## What you need to do
Set out the listing word for word. End with the line that contains "Lemma neg_dim_le r".

___ Data supplied

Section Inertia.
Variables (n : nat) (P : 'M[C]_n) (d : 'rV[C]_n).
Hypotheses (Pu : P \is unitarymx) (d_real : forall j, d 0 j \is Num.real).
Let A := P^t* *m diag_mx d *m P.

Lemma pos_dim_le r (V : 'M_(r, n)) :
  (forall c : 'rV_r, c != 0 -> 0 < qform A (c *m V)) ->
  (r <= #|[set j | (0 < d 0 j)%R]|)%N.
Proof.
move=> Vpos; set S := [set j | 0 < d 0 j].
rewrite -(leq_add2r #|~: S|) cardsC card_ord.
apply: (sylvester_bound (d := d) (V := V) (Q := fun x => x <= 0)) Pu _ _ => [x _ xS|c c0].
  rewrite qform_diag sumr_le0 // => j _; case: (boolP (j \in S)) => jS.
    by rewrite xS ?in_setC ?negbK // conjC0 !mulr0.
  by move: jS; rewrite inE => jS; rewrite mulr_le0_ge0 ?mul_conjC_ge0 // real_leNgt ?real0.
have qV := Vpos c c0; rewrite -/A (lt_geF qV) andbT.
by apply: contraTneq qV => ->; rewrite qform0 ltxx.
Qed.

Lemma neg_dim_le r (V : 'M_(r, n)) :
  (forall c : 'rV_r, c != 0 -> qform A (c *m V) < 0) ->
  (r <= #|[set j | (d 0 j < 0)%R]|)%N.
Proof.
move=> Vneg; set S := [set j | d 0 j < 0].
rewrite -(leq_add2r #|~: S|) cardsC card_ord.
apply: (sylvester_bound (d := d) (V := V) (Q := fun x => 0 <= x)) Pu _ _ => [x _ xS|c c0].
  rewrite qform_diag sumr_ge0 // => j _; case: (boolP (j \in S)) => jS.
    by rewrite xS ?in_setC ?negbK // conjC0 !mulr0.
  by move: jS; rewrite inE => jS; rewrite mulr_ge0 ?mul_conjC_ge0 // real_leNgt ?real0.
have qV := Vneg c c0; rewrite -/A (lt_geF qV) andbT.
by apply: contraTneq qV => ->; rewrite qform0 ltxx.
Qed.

______

## Response to the exercise
Section Inertia.
Variables (n : nat) (P : 'M[C]_n) (d : 'rV[C]_n).
Hypotheses (Pu : P \is unitarymx) (d_real : forall j, d 0 j \is Num.real).
Let A := P^t* *m diag_mx d *m P.

Lemma pos_dim_le r (V : 'M_(r, n)) :
  (forall c : 'rV_r, c != 0 -> 0 < qform A (c *m V)) ->
  (r <= #|[set j | (0 < d 0 j)%R]|)%N.
Proof.
move=> Vpos; set S := [set j | 0 < d 0 j].
rewrite -(leq_add2r #|~: S|) cardsC card_ord.
apply: (sylvester_bound (d := d) (V := V) (Q := fun x => x <= 0)) Pu _ _ => [x _ xS|c c0].
  rewrite qform_diag sumr_le0 // => j _; case: (boolP (j \in S)) => jS.
    by rewrite xS ?in_setC ?negbK // conjC0 !mulr0.
  by move: jS; rewrite inE => jS; rewrite mulr_le0_ge0 ?mul_conjC_ge0 // real_leNgt ?real0.
have qV := Vpos c c0; rewrite -/A (lt_geF qV) andbT.
by apply: contraTneq qV => ->; rewrite qform0 ltxx.
Qed.

Lemma neg_dim_le r (V : 'M_(r, n)) :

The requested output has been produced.